Directions =
Nothing outside the stretch is wanted. Repeat exactly the lines of the listing below from the one that contains "Lemma continuous_mul_rho (f" through the one that contains "Lemma conjprod_im_eq x", both ends included.

Exercise inputs =
▽
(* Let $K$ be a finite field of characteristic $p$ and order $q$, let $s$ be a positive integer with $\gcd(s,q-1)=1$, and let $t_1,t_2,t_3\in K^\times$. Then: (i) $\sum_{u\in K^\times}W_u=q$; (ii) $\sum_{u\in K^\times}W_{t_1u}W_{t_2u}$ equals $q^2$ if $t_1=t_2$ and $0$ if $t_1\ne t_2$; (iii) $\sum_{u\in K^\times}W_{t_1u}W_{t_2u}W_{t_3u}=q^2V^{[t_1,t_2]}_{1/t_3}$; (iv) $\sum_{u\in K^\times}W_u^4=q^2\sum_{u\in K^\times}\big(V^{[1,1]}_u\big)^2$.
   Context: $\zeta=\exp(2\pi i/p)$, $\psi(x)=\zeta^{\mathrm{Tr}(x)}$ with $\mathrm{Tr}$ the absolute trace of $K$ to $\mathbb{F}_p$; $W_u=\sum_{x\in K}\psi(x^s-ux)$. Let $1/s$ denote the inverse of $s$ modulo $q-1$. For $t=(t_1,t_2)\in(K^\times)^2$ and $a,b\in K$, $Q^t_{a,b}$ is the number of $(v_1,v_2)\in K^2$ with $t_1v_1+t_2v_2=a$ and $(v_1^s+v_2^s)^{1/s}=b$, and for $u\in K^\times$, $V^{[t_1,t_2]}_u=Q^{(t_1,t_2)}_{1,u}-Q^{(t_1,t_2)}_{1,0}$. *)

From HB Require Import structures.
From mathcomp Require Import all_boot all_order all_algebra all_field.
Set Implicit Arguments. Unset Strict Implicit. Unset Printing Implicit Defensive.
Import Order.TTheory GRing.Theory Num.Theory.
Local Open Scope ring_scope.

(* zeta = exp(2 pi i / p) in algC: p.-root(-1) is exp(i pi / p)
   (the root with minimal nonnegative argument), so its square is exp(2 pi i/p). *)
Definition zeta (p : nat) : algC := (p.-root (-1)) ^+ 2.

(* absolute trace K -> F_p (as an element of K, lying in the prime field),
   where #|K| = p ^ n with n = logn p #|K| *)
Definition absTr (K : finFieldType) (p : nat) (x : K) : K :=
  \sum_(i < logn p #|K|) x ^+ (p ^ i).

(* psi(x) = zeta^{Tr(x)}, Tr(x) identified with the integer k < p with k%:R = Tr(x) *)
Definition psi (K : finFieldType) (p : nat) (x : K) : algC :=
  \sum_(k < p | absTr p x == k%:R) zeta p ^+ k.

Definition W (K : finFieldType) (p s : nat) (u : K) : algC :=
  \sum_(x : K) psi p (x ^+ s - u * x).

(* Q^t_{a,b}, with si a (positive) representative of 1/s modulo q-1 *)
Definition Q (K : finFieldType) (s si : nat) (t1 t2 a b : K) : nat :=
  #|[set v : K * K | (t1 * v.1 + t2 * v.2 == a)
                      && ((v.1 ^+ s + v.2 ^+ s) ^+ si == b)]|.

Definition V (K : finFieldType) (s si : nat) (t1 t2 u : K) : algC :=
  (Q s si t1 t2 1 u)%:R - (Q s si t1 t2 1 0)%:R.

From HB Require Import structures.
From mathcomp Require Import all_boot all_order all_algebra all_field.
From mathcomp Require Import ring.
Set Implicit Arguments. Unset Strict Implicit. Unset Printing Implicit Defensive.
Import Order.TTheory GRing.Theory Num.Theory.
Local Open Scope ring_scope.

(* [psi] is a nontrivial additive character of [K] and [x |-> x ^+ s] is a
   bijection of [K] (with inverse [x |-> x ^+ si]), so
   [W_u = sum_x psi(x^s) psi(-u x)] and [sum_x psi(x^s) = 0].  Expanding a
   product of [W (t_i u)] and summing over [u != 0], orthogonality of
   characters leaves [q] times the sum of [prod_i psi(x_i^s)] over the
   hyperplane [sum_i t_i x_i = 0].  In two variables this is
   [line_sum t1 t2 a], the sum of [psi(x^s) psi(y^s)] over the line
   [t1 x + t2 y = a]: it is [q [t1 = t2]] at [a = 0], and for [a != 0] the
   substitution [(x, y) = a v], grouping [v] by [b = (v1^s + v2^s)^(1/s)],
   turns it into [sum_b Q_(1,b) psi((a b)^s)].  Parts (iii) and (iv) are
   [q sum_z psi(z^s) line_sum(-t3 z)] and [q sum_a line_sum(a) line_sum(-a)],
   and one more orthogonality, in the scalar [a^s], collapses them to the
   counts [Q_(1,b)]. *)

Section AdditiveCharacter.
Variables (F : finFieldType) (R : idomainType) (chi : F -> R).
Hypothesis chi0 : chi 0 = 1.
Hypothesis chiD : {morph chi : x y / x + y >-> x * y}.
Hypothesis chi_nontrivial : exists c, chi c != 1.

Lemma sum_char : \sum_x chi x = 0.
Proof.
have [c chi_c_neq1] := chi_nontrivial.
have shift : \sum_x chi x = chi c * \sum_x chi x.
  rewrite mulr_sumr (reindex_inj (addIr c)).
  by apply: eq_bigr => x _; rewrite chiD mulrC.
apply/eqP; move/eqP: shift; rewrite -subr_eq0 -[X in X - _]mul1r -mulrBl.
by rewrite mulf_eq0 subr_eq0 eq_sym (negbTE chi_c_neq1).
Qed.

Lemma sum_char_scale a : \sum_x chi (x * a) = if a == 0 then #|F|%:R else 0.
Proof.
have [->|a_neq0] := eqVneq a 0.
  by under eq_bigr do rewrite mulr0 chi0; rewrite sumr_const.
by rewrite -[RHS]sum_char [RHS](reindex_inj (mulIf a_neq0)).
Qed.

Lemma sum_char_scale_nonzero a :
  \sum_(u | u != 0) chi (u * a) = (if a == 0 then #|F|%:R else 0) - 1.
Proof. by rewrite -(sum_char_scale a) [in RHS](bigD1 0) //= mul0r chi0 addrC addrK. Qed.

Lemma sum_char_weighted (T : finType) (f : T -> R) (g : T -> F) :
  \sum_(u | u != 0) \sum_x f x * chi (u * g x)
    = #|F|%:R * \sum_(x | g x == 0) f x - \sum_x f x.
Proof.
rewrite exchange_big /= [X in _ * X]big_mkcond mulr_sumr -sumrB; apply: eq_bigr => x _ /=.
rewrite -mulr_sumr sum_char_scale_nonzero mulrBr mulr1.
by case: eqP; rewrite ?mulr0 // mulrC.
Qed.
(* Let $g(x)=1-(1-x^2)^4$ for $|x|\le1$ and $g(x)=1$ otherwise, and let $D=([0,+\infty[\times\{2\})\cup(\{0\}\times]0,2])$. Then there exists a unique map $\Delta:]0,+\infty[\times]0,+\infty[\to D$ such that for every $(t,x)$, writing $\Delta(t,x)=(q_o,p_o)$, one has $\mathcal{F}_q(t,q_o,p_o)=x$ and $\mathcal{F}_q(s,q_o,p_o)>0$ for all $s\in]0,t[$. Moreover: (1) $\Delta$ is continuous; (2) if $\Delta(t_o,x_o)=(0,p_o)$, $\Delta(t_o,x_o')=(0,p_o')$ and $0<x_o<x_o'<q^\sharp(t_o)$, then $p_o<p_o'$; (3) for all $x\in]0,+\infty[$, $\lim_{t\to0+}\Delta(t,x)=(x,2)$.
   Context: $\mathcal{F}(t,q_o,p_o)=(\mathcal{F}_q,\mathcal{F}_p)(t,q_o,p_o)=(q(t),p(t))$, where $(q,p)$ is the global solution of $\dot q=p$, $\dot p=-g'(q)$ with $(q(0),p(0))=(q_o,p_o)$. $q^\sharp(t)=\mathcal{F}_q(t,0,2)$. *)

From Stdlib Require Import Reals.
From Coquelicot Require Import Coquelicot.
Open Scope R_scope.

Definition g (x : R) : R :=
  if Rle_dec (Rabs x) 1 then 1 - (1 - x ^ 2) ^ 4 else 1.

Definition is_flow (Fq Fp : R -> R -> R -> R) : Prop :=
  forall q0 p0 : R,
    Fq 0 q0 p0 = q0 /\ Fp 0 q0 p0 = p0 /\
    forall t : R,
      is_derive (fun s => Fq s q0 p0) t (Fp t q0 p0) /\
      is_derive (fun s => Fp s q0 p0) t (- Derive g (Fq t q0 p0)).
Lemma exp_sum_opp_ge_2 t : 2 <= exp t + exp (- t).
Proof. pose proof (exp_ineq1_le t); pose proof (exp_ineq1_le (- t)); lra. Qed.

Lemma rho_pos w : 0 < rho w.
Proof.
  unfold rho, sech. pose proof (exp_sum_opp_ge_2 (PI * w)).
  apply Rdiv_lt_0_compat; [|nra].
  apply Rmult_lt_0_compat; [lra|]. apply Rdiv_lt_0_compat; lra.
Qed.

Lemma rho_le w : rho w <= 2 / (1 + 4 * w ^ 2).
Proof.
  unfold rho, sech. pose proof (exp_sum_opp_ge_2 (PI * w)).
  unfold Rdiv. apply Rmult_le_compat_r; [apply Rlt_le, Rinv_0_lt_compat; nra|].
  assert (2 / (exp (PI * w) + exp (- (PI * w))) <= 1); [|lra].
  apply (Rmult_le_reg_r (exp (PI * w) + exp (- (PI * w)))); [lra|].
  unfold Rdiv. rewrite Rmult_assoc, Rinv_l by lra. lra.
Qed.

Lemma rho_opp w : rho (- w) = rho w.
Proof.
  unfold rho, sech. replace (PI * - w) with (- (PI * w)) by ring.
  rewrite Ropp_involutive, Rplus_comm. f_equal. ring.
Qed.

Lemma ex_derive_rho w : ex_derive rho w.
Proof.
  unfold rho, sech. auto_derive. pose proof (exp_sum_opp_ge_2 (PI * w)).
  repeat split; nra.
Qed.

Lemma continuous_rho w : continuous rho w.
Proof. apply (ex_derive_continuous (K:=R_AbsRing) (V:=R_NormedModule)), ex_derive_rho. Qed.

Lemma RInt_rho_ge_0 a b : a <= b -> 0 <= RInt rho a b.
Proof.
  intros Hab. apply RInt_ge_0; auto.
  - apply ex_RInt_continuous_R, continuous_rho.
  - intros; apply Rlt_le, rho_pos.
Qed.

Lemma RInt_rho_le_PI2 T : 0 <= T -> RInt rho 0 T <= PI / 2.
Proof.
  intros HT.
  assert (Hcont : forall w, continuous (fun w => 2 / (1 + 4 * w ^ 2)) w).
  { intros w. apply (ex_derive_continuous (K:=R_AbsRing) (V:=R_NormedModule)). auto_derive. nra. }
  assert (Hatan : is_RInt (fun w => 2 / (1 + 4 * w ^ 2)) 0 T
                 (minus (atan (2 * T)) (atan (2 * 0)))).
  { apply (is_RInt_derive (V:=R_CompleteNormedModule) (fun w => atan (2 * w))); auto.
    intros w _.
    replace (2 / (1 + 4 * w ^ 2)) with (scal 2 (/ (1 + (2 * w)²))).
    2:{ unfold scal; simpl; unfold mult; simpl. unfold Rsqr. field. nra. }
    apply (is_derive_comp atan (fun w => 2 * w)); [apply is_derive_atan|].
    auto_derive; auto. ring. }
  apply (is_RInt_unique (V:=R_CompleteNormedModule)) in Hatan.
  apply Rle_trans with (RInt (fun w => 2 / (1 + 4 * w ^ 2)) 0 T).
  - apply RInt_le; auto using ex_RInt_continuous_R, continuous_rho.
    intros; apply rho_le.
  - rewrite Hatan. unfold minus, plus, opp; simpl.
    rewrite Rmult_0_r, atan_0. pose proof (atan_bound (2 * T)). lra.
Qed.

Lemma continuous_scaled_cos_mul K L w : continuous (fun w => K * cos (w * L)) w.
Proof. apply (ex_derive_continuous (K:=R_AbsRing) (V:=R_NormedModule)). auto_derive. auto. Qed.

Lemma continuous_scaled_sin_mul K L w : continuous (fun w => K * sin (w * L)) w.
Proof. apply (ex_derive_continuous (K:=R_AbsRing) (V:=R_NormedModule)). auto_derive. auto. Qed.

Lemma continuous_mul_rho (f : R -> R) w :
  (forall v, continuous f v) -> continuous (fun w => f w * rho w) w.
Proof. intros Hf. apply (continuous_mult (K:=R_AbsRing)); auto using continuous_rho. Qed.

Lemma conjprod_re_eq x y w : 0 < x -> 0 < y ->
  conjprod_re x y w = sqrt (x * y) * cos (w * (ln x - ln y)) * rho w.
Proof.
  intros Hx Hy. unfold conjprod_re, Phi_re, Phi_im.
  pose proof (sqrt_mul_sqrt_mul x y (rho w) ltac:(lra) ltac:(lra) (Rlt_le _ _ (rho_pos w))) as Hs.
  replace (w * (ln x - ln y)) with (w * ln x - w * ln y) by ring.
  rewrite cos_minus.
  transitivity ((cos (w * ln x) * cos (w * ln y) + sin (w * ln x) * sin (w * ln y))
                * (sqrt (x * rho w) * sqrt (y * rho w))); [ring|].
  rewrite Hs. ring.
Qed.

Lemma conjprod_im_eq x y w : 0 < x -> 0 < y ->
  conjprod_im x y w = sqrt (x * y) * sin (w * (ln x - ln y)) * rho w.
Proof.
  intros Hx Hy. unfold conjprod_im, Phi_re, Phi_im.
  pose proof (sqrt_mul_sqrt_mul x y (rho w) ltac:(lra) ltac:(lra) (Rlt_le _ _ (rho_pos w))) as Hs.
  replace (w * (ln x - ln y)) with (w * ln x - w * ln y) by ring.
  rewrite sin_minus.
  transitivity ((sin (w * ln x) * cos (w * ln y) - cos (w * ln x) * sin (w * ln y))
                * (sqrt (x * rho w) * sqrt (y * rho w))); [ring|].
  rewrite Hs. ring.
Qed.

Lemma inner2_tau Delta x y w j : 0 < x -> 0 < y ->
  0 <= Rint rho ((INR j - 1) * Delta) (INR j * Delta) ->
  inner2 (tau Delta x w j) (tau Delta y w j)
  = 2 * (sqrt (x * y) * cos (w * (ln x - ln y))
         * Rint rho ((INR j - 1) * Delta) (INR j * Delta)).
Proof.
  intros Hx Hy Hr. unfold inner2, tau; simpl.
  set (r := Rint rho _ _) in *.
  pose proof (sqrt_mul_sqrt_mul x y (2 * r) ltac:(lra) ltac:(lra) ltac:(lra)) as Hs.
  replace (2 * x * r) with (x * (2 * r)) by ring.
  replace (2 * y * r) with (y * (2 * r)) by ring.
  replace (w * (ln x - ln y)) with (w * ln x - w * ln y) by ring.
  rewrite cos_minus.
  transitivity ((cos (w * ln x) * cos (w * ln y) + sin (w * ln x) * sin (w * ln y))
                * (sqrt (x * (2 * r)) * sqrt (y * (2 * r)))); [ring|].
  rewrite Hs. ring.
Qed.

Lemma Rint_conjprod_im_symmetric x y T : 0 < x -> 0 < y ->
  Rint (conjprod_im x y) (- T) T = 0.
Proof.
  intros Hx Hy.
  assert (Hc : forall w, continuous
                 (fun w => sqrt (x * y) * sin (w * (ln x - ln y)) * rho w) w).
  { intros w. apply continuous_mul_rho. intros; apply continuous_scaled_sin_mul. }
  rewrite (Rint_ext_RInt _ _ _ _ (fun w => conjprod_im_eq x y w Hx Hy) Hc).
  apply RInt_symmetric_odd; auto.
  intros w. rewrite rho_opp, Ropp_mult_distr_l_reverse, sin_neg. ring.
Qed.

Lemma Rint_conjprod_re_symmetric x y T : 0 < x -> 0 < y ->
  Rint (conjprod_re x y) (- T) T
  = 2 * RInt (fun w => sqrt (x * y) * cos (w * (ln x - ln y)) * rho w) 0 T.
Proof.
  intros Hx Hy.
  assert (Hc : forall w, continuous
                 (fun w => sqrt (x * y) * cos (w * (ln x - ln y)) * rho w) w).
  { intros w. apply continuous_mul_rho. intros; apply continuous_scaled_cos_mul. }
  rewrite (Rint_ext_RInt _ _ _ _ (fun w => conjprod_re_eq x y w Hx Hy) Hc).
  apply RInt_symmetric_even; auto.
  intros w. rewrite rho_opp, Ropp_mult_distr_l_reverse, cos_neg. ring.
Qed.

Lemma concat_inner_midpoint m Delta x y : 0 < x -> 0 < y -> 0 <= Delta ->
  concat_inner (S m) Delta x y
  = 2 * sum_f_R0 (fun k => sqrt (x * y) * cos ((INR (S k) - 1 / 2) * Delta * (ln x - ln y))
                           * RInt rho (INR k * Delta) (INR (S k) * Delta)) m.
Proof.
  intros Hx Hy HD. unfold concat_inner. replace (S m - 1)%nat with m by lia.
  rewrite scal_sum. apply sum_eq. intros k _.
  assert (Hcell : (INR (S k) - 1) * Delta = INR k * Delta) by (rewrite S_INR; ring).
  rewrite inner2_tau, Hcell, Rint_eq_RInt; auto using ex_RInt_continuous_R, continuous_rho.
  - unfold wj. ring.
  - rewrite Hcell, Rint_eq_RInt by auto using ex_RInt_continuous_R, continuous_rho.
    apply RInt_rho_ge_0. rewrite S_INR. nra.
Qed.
△
Output of the task =
Lemma continuous_mul_rho (f : R -> R) w :
  (forall v, continuous f v) -> continuous (fun w => f w * rho w) w.
Proof. intros Hf. apply (continuous_mult (K:=R_AbsRing)); auto using continuous_rho. Qed.

Lemma conjprod_re_eq x y w : 0 < x -> 0 < y ->
  conjprod_re x y w = sqrt (x * y) * cos (w * (ln x - ln y)) * rho w.
Proof.
  intros Hx Hy. unfold conjprod_re, Phi_re, Phi_im.
  pose proof (sqrt_mul_sqrt_mul x y (rho w) ltac:(lra) ltac:(lra) (Rlt_le _ _ (rho_pos w))) as Hs.
  replace (w * (ln x - ln y)) with (w * ln x - w * ln y) by ring.
  rewrite cos_minus.
  transitivity ((cos (w * ln x) * cos (w * ln y) + sin (w * ln x) * sin (w * ln y))
                * (sqrt (x * rho w) * sqrt (y * rho w))); [ring|].
  rewrite Hs. ring.
Qed.

Lemma conjprod_im_eq x y w : 0 < x -> 0 < y ->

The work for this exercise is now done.